Mathc initiation/004x

/* ---------------------------------- */
/* save as c0b3.c                     */
/* ---------------------------------- */
#include "x_afile.h"
#include     "fb3.h"
/* ---------------------------------- */
int main(void)
{
double m =  0.;

 clrscrn();
 printf(" Let S be the part of the graph of z = %s with z >= 0.  \n\n", feq);
 printf(" Let C be the trace of S on the x-y-plane.              \n\n");
 printf(" Verify Stokes's theorem for the vector field,          \n\n");
 printf("     F(x,y,z) = %si %sj %sk\n\n\n\n\n",Meq,Neq,Peq);

 printf(" Stoke's theorem.                    \n\n" 
        "     /           //                    \n" 
        "    |           ||                     \n" 
        "    O F.T ds  = || (curl F).n  dS      \n" 
        "    |           ||                     \n" 
        "   / C         //                      \n" 
        "               S                   \n\n\n");
 stop();

 clrscrn();
 printf("     //                    \n" 
        "    ||                     \n" 
        "    || (curl F).n dS =     \n" 
        "    ||                     \n" 
        "   //                      \n" 
        "   S                   \n\n\n" 
        
        "   with F = Mi + Nj + Pk     \n\n" 
        
        " (curl F) = [(P_y-N_z)i + (M_z-P_x)j + (N_x-M_y)k]\n\n\n\n" 
        
        "            (-f_xi-f_yj+k)           \n" 
        "        n =  ------------            \n" 
        "           [(f_x)^2+(f_y)^2+1]^1/2 \n\n\n\n" 
        
        "       dS = [(f_x)^2+(f_y)^2+1]^1/2 dA         dA = dxdy\n\n"); 
 stop();

 clrscrn();
 printf(" With the Stokes's theorem you find :\n\n\n");
 printf(" F : (x,y,z)-> %si %sj %sk \n\n",Meq,Neq,Peq);
 printf(" f :   (x,y)-> %s          \n\n", feq);

 printf(" y1 :    (x)-> %s            \n", y1eq);
 printf(" y0 :    (x)-> %s          \n\n", y0eq);
  
 printf(" x1 = %+.1f\n x0 = %+.1f   \n\n",x1,x0);
 
  m = stokes_dydx(           M,N,P,
                             f,
                             y0,y1,LOOP,
                             x0,x1,LOOP);

 printf("   / x1  / y1(y)\n" 
        "  |     |      \n" 
        "  |     | (curl F).n [(f_x)^2+(f_y)^2+1]^1/2 dy dx = %.3f\n"
        "  |     |      \n" 
        " /  x0 /   y0(y)\n\n\n",m);
 stop();
 
 return 0;
}
/* ---------------------------------- */
/* ---------------------------------- */

 Let S be the part of the graph of z = 4-x**2-y**2 with z >= 0.  
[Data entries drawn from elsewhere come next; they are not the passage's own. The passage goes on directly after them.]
Definition hang_chain : rel 'I_n :=
  fun a b => chain_rel col (bottom_at h x) a b || ((b == x) && (col a == j)).

Lemma hang_chain_poset : is_poset hang_chain.
Proof.
have [irr tr] := chain_rel_poset col (bottom_at h x).
split=> [a|b a c]; rewrite /hang_chain.
  by rewrite irr /=; apply/negP => /andP[/eqP-> /eqP cxj]; move: jx; rewrite cxj eqxx.
case/orP=> [rab|/andP[/eqP bx /eqP caj]] /orP[rbc|/andP[/eqP cx /eqP cbj]].
- by rewrite (tr _ _ _ rab rbc).
- by move: rab; rewrite /chain_rel cx eqxx cbj => /andP[/eqP-> _]; rewrite eqxx orbT.
- by move: rbc; rewrite bx /chain_rel /bottom_at eqxx ltn0 andbF.
- by move: jx; rewrite -bx cbj eqxx.
Qed.

Lemma hang_chain_width : injective h -> width_le hang_chain w.
Proof.
move=> h_inj; apply: (width_le_sub _ (chain_rel_width (col := col) (bottom_at_inj (x := x) h_inj))).
by move=> a b rab; rewrite /hang_chain rab.
Qed.

End HangChain.

Section ForcedOutput.

Variables (n w : nat) (Q : rel 'I_n) (col : 'I_n -> 'I_w) (h : 'I_n -> nat).
Variable s : {set 'I_n}.
Hypotheses (h_inj : injective h) (col_surj : forall j, exists z, col z = j).
Hypothesis Q_sym : symmetric Q.
Hypothesis s_forced : forall r, is_poset r -> width_le r w ->
  agree_on Q (chain_rel col h) r -> s = minimals r.

Local Notation r := (chain_rel col h).

Lemma forced_bottom_at x : x \in alive Q r -> s = minimals (chain_rel col (bottom_at h x)).
Proof.
move=> xA; apply: s_forced (agree_bottom_at h_inj Q_sym xA).
  exact: chain_rel_poset.
exact: chain_rel_width (bottom_at_inj (x := x) h_inj).
Qed.

Lemma alive_col_inj : {in alive Q r &, injective col}.
Proof.
move=> x y xA yA cxy; apply/eqP; apply: contraT => xy.
have := bottom_at_minimal col h x.
by rewrite -(forced_bottom_at xA) (forced_bottom_at yA) (negbTE (bottom_at_above h xy cxy)).
Qed.

Lemma card_alive_le : #|alive Q r| <= w.
Proof. by have := @leq_card_in _ _ col _ alive_col_inj; rewrite card_ord. Qed.

Lemma alive_deficit_eq0 x : x \in alive Q r -> deficit w Q r x = 0.
Proof.
move=> xA; apply/eqP; rewrite -leqn0 leqNgt; apply/negP; rewrite /deficit subn_gt0.
case/fresh_color=> j jx j_fresh.
have agr1 := agree_bottom_at h_inj Q_sym xA.
have agr2 : agree_on Q r (hang_chain col h x j).
  apply: agree_on_trans agr1 _ => a b Qab; rewrite /hang_chain.
  case: (b =P x) => [bx|] /=; last by rewrite orbF.
  case: (col a =P j) => [caj|]; last by rewrite orbF.
  have ax : a != x by apply: contraNneq jx => ax; rewrite -caj ax.
  by have := j_fresh a ax; rewrite -Q_sym -bx Qab caj eqxx => /(_ isT).
have [b cbj bmin] := chain_has_minimal (bottom_at h x) (col_surj j).
have : b \notin minimals (hang_chain col h x j).
  by rewrite inE negb_forall; apply/existsP; exists x; rewrite negbK /hang_chain eqxx cbj eqxx orbT.
rewrite -(s_forced (hang_chain_poset h jx) (hang_chain_width h_inj) agr2).
by rewrite (forced_bottom_at xA) bmin.
Qed.

Lemma forced_potential_le : potential w Q r <= 2 * w.
Proof.
rewrite /potential big1 ?addn0 ?leq_mul2l ?card_alive_le ?orbT //.
exact: alive_deficit_eq0.
Qed.

End ForcedOutput.

Definition branch n (a : answer) (tG tL tI : dtree n) : dtree n :=
  match a with AGt => tG | ALt => tL | AInc => tI end.

Lemma output_Query n x y tG tL tI (r : rel 'I_n) :
  output (Query x y tG tL tI) r = output (branch (oracle r x y) tG tL tI) r.
Proof. by rewrite /output /=; case: (oracle r x y). Qed.

Lemma nqueries_Query n x y tG tL tI (r : rel 'I_n) :
  nqueries (Query x y tG tL tI) r = (nqueries (branch (oracle r x y) tG tL tI) r).+1.
Proof. by rewrite /nqueries /=; case: (oracle r x y). Qed.

Lemma oracle_agree n Q (r r' : rel 'I_n) x y :
  agree_on (add_query Q x y) r r' -> oracle r x y = oracle r' x y.
Proof. by move=> agr; rewrite /oracle !agr // /add_query !eqxx ?orbT. Qed.
Lemma dist_nbr_centres_le (s v : V) : leaf v -> s != v -> s != centre v.1 ->
  dist_set s (nbr_centres v.1) <= dist s v.
Proof.
move=> lv ne_sv ne_sc; rewrite eq_sym in ne_sv.
have [lt_vN | ge_vN] := ltnP (dist s v) #|V|; last first.
  exact: leq_trans (dist_set_le_card _ _) ge_vN.
have [z adj_zv lt_zv] := dist_pred n_gt0 ne_sv lt_vN.
have [lz | /centre_vertex def_z] := boolP (leaf z).
  exact: leq_trans (dist_nbr_centres_adj s lz lv adj_zv) lt_zv.
have {def_z} def_z : z = centre v.1.
  by move: adj_zv; rewrite def_z adj_centre => /andP[/eqP <-].
have ne_zs : z != s by rewrite def_z eq_sym.
have [w adj_wz lt_wz] := dist_pred n_gt0 ne_zs (leq_ltn_trans (ltnW lt_zv) lt_vN).
move: adj_wz; rewrite def_z snark_adjC adj_centre => /andP[/eqP <- lw].
by apply: leq_trans (dist_nbr_centres_leaf s lw) _; apply: leq_trans lt_zv; rewrite ltnS.
Qed.

Lemma dist_set_setU1_nbr_centres (s v : V) (i : 'I_n) : leaf v -> v.1 = i ->
  s != v -> s != centre i -> dist_set s (v |: nbr_centres i) = dist_set s (nbr_centres i).
Proof. by move=> lv <- ne_sv ne_sc; apply/dist_setU1_absorb/dist_nbr_centres_le. Qed.

Lemma dist_centre_setU1_nbr_centres (v : V) (i : 'I_n) : leaf v -> v.1 = i ->
  dist_set (centre i) (v |: nbr_centres i) = 1.
Proof.
move=> lv vi; apply: (dist_set_eq1 n_gt0 _ (setU11 _ _)); last by rewrite adj_centre vi eqxx.
rewrite in_setU1 negb_or centre_notin_nbr_centres andbT.
by apply: contraTneq lv => <-; rewrite leaf_centre.
Qed.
 Let C be the trace of S on the x-y-plane.              

 Verify Stokes's theorem for the vector field,          

     F(x,y,z) = + 2*yi + cos(z)*xj  - sin(x)*yk




 Stoke's theorem.                    

     /           //                    
    |           ||                     
    O F.T ds  = || (curl F).n  dS      
    |           ||                     
   / C         //                      
               S                   


 Press return to continue. 


     //                    
    ||                     
    || (curl F).n dS =     
    ||                     
   //                      
   S                   


   with F = Mi + Nj + Pk     

 (curl F) = [(P_y-N_z)i + (M_z-P_x)j + (N_x-M_y)k]



            (-f_xi-f_yj+k)           
        n =  ------------            
           [(f_x)^2+(f_y)^2+1]^1/2 



       dS = [(f_x)^2+(f_y)^2+1]^1/2 dA         dA = dxdy

 Press return to continue. 


 With the Stokes's theorem you find :


 F : (x,y,z)-> + 2*yi + cos(z)*xj  - sin(x)*yk 

 f :   (x,y)-> 4-x**2-y**2          

 y1 :    (x)-> +sqrt(4-y**2)            
 y0 :    (x)-> -sqrt(4-y**2)          

 x1 = +2.0
 x0 = -2.0   

   / x1  / y1(y)
  |     |      
  |     | (curl F).n [(f_x)^2+(f_y)^2+1]^1/2 dy dx = -12.579
  |     |      
 /  x0 /   y0(y)


 Press return to continue.